*What is expected*
Go through the listing below from its first line and repeat each line exactly, ending at the line containing "Row r (0-based)" and including it.

*Entries supplied*
(* Let $u,v,w$ be words of length $N$ with $|u|_0=|v|_0=|w|_0=:N_0$ and $N_1:=N-N_0$. For every perfect matching $M$ of $G^N_o(u,w)$: $o_U(M)+o_D(M)+o_R(M)+o_L(M)=N(N-1)/2+N_1$, $\quad o_L(M)+o_D(M)=\mathrm{d}(w)-\mathrm{d}(u)$, $\quad o_U(M)+o_L(M)=N_0(N_0-1)/2+\mathrm{d}(w)$. For every perfect matching $M$ of $G^N_e(v,w)$: $e_U(M)+e_D(M)+e_R(M)+e_L(M)=N(N-1)/2+N_0$, $\quad e_L(M)+e_U(M)=\mathrm{d}(w)-\mathrm{d}(v)$, $\quad e_D(M)+e_L(M)=N_1(N_1-1)/2+\mathrm{d}(w)$.
   Context: Let $N\ge 1$. $G^N$ is the induced subgraph of the square lattice $\mathbb{Z}^2$ formed by $N$ consecutive, horizontally centred rows having $3,5,\dots,2N+1$ vertices from top to bottom. It is bipartite; vertices of the same colour as the leftmost vertex of each row are called odd, the others even. Let $B_1,\dots,B_N$ be the even vertices of the bottom row, $L_1,\dots,L_N$ the leftmost vertices of the rows, and $R_1,\dots,R_N$ the rightmost vertices of the rows, each family numbered from left to right (so $L_1$ is the leftmost vertex of the bottom row and $R_1$ the rightmost vertex of the top row). Words of length $N$ are $u=u_1\cdots u_N\in\{0,1\}^N$; $|u|_0,|u|_1$ count $0$s and $1$s; $\mathrm{d}(u)$ is the number of pairs $i<j$ with $u_i=1,u_j=0$. $G^N_o(u,w)$ is the induced subgraph of $G^N$ obtained by deleting all $R_i$, all $B_i$ with $w_i=0$, and all $L_i$ with $u_i=0$. $G^N_e(v,w)$ is the induced subgraph obtained by deleting all $L_i$, all $B_i$ with $w_i=1$, and all $R_i$ with $v_i=1$. For a perfect matching $M$ of $G^N_o(u,w)$, orient each edge from its odd endpoint to its even endpoint; $o_U(M),o_D(M),o_L(M),o_R(M)$ denote the numbers of edges pointing up, down, left, right respectively. For a perfect matching $M$ of $G^N_e(v,w)$, orient each edge from its even endpoint to its odd endpoint; $e_U(M),e_D(M),e_L(M),e_R(M)$ denote the numbers of edges pointing up, down, left, right. *)

From mathcomp Require Import all_boot all_order all_algebra.
Set Implicit Arguments. Unset Strict Implicit. Unset Printing Implicit Defensive.

(* A vertex of the ambient grid is a pair (r, c) with
   r : 'I_N the row index counted from the TOP (0-based; paper row r+1)
   and c : 'I_(2N+1) the column; the horizontal lattice coordinate is
   x = c - N (rows are horizontally centred at x = 0).
   Row r (0-based) of G^N consists of the 2(r+1)+1 vertices with
   |x| <= r+1, i.e.  N <= c + r + 1  and  c <= N + r + 1. *)
Definition vtx (N : nat) := ('I_N * 'I_(2 * N + 1))%type.

Definition inG (N : nat) (p : vtx N) : bool :=
  (N <= p.2 + p.1 + 1) && (p.2 <= N + p.1 + 1).

Definition adj (N : nat) (a b : vtx N) : bool :=
  ((a.1 == b.1 :> nat) && ((a.2.+1 == b.2 :> nat) || (b.2.+1 == a.2 :> nat)))
  || ((a.2 == b.2 :> nat) && ((a.1.+1 == b.1 :> nat) || (b.1.+1 == a.1 :> nat))).

(* "odd" vertices: same colour as the leftmost vertex of each row,
   i.e. x + (paper row index) = (c - N) + (r + 1) is even. *)
Definition is_odd_v (N : nat) (p : vtx N) : bool := ~~ odd (p.2 + p.1 + N + 1).

(* Distinguished vertices, indexed by j : 'I_N (paper index i = j+1). *)
(* B_i : i-th even vertex (from the left) of the bottom row: x = -N+2i-1 *)
Definition Bv (N : nat) (j : 'I_N) (p : vtx N) : bool :=
  (p.1 == N.-1 :> nat) && (p.2 == j.*2.+1 :> nat).
(* L_i : leftmost vertex of paper row N+1-i *)
Definition Lv (N : nat) (j : 'I_N) (p : vtx N) : bool :=
  (p.1 == N.-1 - j :> nat) && (p.2 == j :> nat).
(* R_i : rightmost vertex of paper row i *)
Definition Rv (N : nat) (j : 'I_N) (p : vtx N) : bool :=
  (p.1 == j :> nat) && (p.2 == N + j + 1 :> nat).

(* Words of length N : N.-tuple bool, letter i is tnth u j (j = i-1). *)
Definition nzeros (N : nat) (u : N.-tuple bool) : nat := count negb u.
Definition dw (N : nat) (u : N.-tuple bool) : nat :=
  #|[set p : 'I_N * 'I_N | (p.1 < p.2) && tnth u p.1 && ~~ tnth u p.2]|.

Definition Go_set (N : nat) (u w : N.-tuple bool) : {set vtx N} :=
  [set p : vtx N | inG p
     && [forall j : 'I_N, ~~ Rv j p]
     && [forall j : 'I_N, ~~ (Bv j p && ~~ tnth w j)]
     && [forall j : 'I_N, ~~ (Lv j p && ~~ tnth u j)]].

Definition Ge_set (N : nat) (v w : N.-tuple bool) : {set vtx N} :=
  [set p : vtx N | inG p
     && [forall j : 'I_N, ~~ Lv j p]
     && [forall j : 'I_N, ~~ (Bv j p && tnth w j)]
     && [forall j : 'I_N, ~~ (Rv j p && tnth v j)]].

Definition perfect_matching (N : nat) (S : {set vtx N}) (M : {set {set vtx N}}) : Prop :=
  (forall e, e \in M -> exists a b, [/\ a \in S, b \in S, adj a b & e = [set a; b]])
  /\ (forall x, x \in S -> #|[set e in M | x \in e]| = 1).

(* Directions of a move a -> b (rows counted from the top). *)
Definition dirU (N : nat) (a b : vtx N) : bool := (b.1.+1 == a.1 :> nat) && (a.2 == b.2 :> nat).
Definition dirD (N : nat) (a b : vtx N) : bool := (a.1.+1 == b.1 :> nat) && (a.2 == b.2 :> nat).
Definition dirL (N : nat) (a b : vtx N) : bool := (a.1 == b.1 :> nat) && (b.2.+1 == a.2 :> nat).
Definition dirR (N : nat) (a b : vtx N) : bool := (a.1 == b.1 :> nat) && (a.2.+1 == b.2 :> nat).

(* number of edges of M pointing in direction dir, when oriented from the
   odd endpoint to the even one (from_odd = true) or from the even endpoint
   to the odd one (from_odd = false) *)
Definition ndir (N : nat) (from_odd : bool) (dir : vtx N -> vtx N -> bool)
    (M : {set {set vtx N}}) : nat :=
  #|[set e in M | [exists a : vtx N, exists b : vtx N,
       [&& is_odd_v a == from_odd, is_odd_v b == ~~ from_odd,
           e == [set a; b] & dir a b]]]|.

Definition oU N := @ndir N true (@dirU N).
Definition oD N := @ndir N true (@dirD N).
Definition oL N := @ndir N true (@dirL N).
Definition oR N := @ndir N true (@dirR N).
Definition eU N := @ndir N false (@dirU N).
Definition eD N := @ndir N false (@dirD N).
Definition eL N := @ndir N false (@dirL N).
Definition eR N := @ndir N false (@dirR N).

From mathcomp Require Import all_boot all_order all_algebra zify ring.
Set Implicit Arguments. Unset Strict Implicit. Unset Printing Implicit Defensive.
Import GRing.Theory.
Local Open Scope ring_scope.

(* Orient each edge of a perfect matching M of S, giving its tail the sign -1 and
   its head the sign +1.  The number of right minus left edges is then the signed
   sum of the column coordinates over S, the number of down minus up edges the
   signed sum of the row coordinates, and |S| = 2|M|.  Here S is G^N with some of
   the boundary vertices R_i, B_i, L_i removed: the signs alternate along each
   row of G^N, which makes its signed sums explicit, and the removed vertices
   contribute affine functions of their indices.  The index sums of the letters 0
   (resp. 1) of a word are d(w) plus a binomial coefficient, and the identities
   follow by solving the linear system completed by o_U + o_D + o_L + o_R = |M|. *)

Section Edges.
Variable N : nat.
Implicit Types (a b p : vtx N) (fo : bool) (dir : vtx N -> vtx N -> bool).

Lemma adj_sym a b : adj a b -> adj b a.
Proof.
rewrite /adj; case: a b => [a1 a2] [b1 b2] /=.
move: (a1 : nat) (a2 : nat) (b1 : nat) (b2 : nat) => x1 x2 y1 y2.
by rewrite (eq_sym x1) (eq_sym x2) (orbC (x2.+1 == y2)) (orbC (x1.+1 == y1)).
Qed.

Lemma adj_is_odd_v a b : adj a b -> is_odd_v b = ~~ is_odd_v a.
Proof.
case: a b => [a1 a2] [b1 b2]; rewrite /adj /is_odd_v /=.
case/orP => /andP [/eqP E /orP [] /eqP F].
all: have : (b2 + b1 + N + 1 = (a2 + a1 + N + 1).+1
             \/ (b2 + b1 + N + 1).+1 = a2 + a1 + N + 1)%N by lia.
all: by case=> [->|<-]; rewrite /= ?negbK.
Qed.

Lemma adj_neq a b : adj a b -> a != b.
Proof. by move=> /adj_is_odd_v; apply: contra_eqN => /eqP ->; case: is_odd_v. Qed.

Definition dir_edge fo dir (e : {set vtx N}) : bool :=
  [exists a, exists b,
     [&& is_odd_v a == fo, is_odd_v b == ~~ fo, e == [set a; b] & dir a b]].

Lemma ndirE fo dir M : ndir fo dir M = (\sum_(e in M) dir_edge fo dir e)%N.
Proof.
rewrite /ndir -sum1_card big_mkcond [RHS]big_mkcond; apply: eq_bigr => e _.
by rewrite inE; case: (e \in M).
Qed.

Lemma dir_edge_pair fo dir a b : is_odd_v a = fo -> is_odd_v b = ~~ fo ->
  dir_edge fo dir [set a; b] = dir a b.
Proof.
move=> oa ob; apply/existsP/idP => [[a' /existsP [b' /and4P [/eqP oa' /eqP ob' /eqP E d]]]|d].
- have : (a' \in [set a; b]) && (b' \in [set a; b]) by rewrite E !inE !eqxx orbT.
  case/andP; rewrite !inE => /orP [] /eqP Ea /orP [] /eqP Eb; move: oa' ob' d;
  rewrite Ea Eb ?oa ?ob //; case: fo {oa ob} => // -> //.
- by exists a; apply/existsP; exists b; rewrite oa ob !eqxx d.
Qed.

(* [fo] is the parity of the tail of an oriented edge: tails get the sign -1,
   heads the sign +1. *)
Definition head_sign_at fo (r c : nat) : int :=
  if ~~ odd (c + r + N + 1) == fo then -1 else 1.
Definition head_sign fo p : int := head_sign_at fo p.1 p.2.
Definition colz p : int := (p.2 : nat)%:Z.
Definition rowz p : int := (p.1 : nat)%:Z.

Lemma sum_pair a b (h : vtx N -> int) : a != b ->
  \sum_(p in [set a; b]) h p = h a + h b.
Proof. by move=> ab; rewrite big_setU1 ?inE // big_set1. Qed.

Lemma edge_dir_counts fo a b : adj a b ->
  let e := [set a; b] in
  [/\ (dir_edge fo (@dirU N) e + dir_edge fo (@dirD N) e
       + dir_edge fo (@dirL N) e + dir_edge fo (@dirR N) e = 1)%N,
      (dir_edge fo (@dirR N) e)%:Z - (dir_edge fo (@dirL N) e)%:Z
        = \sum_(p in e) head_sign fo p * colz p &
      (dir_edge fo (@dirD N) e)%:Z - (dir_edge fo (@dirU N) e)%:Z
        = \sum_(p in e) head_sign fo p * rowz p].
Proof.
wlog oa : a b / is_odd_v a = fo => [hwlog ab|ab e].
  have [oa|oa] := eqVneq (is_odd_v a) fo; first exact: hwlog oa ab.
  have ob : is_odd_v b = fo.
    by rewrite (adj_is_odd_v ab); move: oa; case: is_odd_v; case: (fo).
  by rewrite setUC; exact: hwlog ob (adj_sym ab).
have ob : is_odd_v b = ~~ fo by rewrite (adj_is_odd_v ab) oa.
rewrite /e !dir_edge_pair // !sum_pair ?adj_neq //.
rewrite /head_sign /head_sign_at -/(is_odd_v a) -/(is_odd_v b) oa ob eqxx.
have -> : (~~ fo == fo) = false by case: fo {oa ob}.
move: ab; rewrite /adj /dirU /dirD /dirL /dirR /colz /rowz.
case: a b {e oa ob} => [a1 a2] [b1 b2] /=.
move: (a1 : nat) (a2 : nat) (b1 : nat) (b2 : nat) => x1 x2 y1 y2.
by repeat (case: eqP => /= ?); split; lia.
Qed.

Lemma perfect_matching_sum (S : {set vtx N}) M (h : vtx N -> int) :
  perfect_matching S M -> \sum_(p in S) h p = \sum_(e in M) \sum_(p in e) h p.
Proof.
case=> edgeM coverS.
have -> : \sum_(p in S) h p = \sum_(p in S) \sum_(e in M | p \in e) h p.
  apply: eq_bigr => p pS.
  rewrite (eq_bigl (fun e => e \in [set e in M | p \in e])); last by move=> e; rewrite inE.
  by rewrite sumr_const coverS.
rewrite (exchange_big_dep (mem M)) //=; last by move=> ? ? _ /andP [].
apply: eq_bigr => e eM; apply: eq_bigl => p; rewrite eM /=.
have [a [b [aS bS _ ->]]] := edgeM e eM.
rewrite !inE; have [->|_] := eqVneq p a; first by rewrite aS.
by have [->|_] := eqVneq p b; rewrite ?bS ?andbF.
Qed.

*Written response*
(* Let $u,v,w$ be words of length $N$ with $|u|_0=|v|_0=|w|_0=:N_0$ and $N_1:=N-N_0$. For every perfect matching $M$ of $G^N_o(u,w)$: $o_U(M)+o_D(M)+o_R(M)+o_L(M)=N(N-1)/2+N_1$, $\quad o_L(M)+o_D(M)=\mathrm{d}(w)-\mathrm{d}(u)$, $\quad o_U(M)+o_L(M)=N_0(N_0-1)/2+\mathrm{d}(w)$. For every perfect matching $M$ of $G^N_e(v,w)$: $e_U(M)+e_D(M)+e_R(M)+e_L(M)=N(N-1)/2+N_0$, $\quad e_L(M)+e_U(M)=\mathrm{d}(w)-\mathrm{d}(v)$, $\quad e_D(M)+e_L(M)=N_1(N_1-1)/2+\mathrm{d}(w)$.
   Context: Let $N\ge 1$. $G^N$ is the induced subgraph of the square lattice $\mathbb{Z}^2$ formed by $N$ consecutive, horizontally centred rows having $3,5,\dots,2N+1$ vertices from top to bottom. It is bipartite; vertices of the same colour as the leftmost vertex of each row are called odd, the others even. Let $B_1,\dots,B_N$ be the even vertices of the bottom row, $L_1,\dots,L_N$ the leftmost vertices of the rows, and $R_1,\dots,R_N$ the rightmost vertices of the rows, each family numbered from left to right (so $L_1$ is the leftmost vertex of the bottom row and $R_1$ the rightmost vertex of the top row). Words of length $N$ are $u=u_1\cdots u_N\in\{0,1\}^N$; $|u|_0,|u|_1$ count $0$s and $1$s; $\mathrm{d}(u)$ is the number of pairs $i<j$ with $u_i=1,u_j=0$. $G^N_o(u,w)$ is the induced subgraph of $G^N$ obtained by deleting all $R_i$, all $B_i$ with $w_i=0$, and all $L_i$ with $u_i=0$. $G^N_e(v,w)$ is the induced subgraph obtained by deleting all $L_i$, all $B_i$ with $w_i=1$, and all $R_i$ with $v_i=1$. For a perfect matching $M$ of $G^N_o(u,w)$, orient each edge from its odd endpoint to its even endpoint; $o_U(M),o_D(M),o_L(M),o_R(M)$ denote the numbers of edges pointing up, down, left, right respectively. For a perfect matching $M$ of $G^N_e(v,w)$, orient each edge from its even endpoint to its odd endpoint; $e_U(M),e_D(M),e_L(M),e_R(M)$ denote the numbers of edges pointing up, down, left, right. *)

From mathcomp Require Import all_boot all_order all_algebra.
Set Implicit Arguments. Unset Strict Implicit. Unset Printing Implicit Defensive.

(* A vertex of the ambient grid is a pair (r, c) with
   r : 'I_N the row index counted from the TOP (0-based; paper row r+1)
   and c : 'I_(2N+1) the column; the horizontal lattice coordinate is
   x = c - N (rows are horizontally centred at x = 0).
   Row r (0-based) of G^N consists of the 2(r+1)+1 vertices with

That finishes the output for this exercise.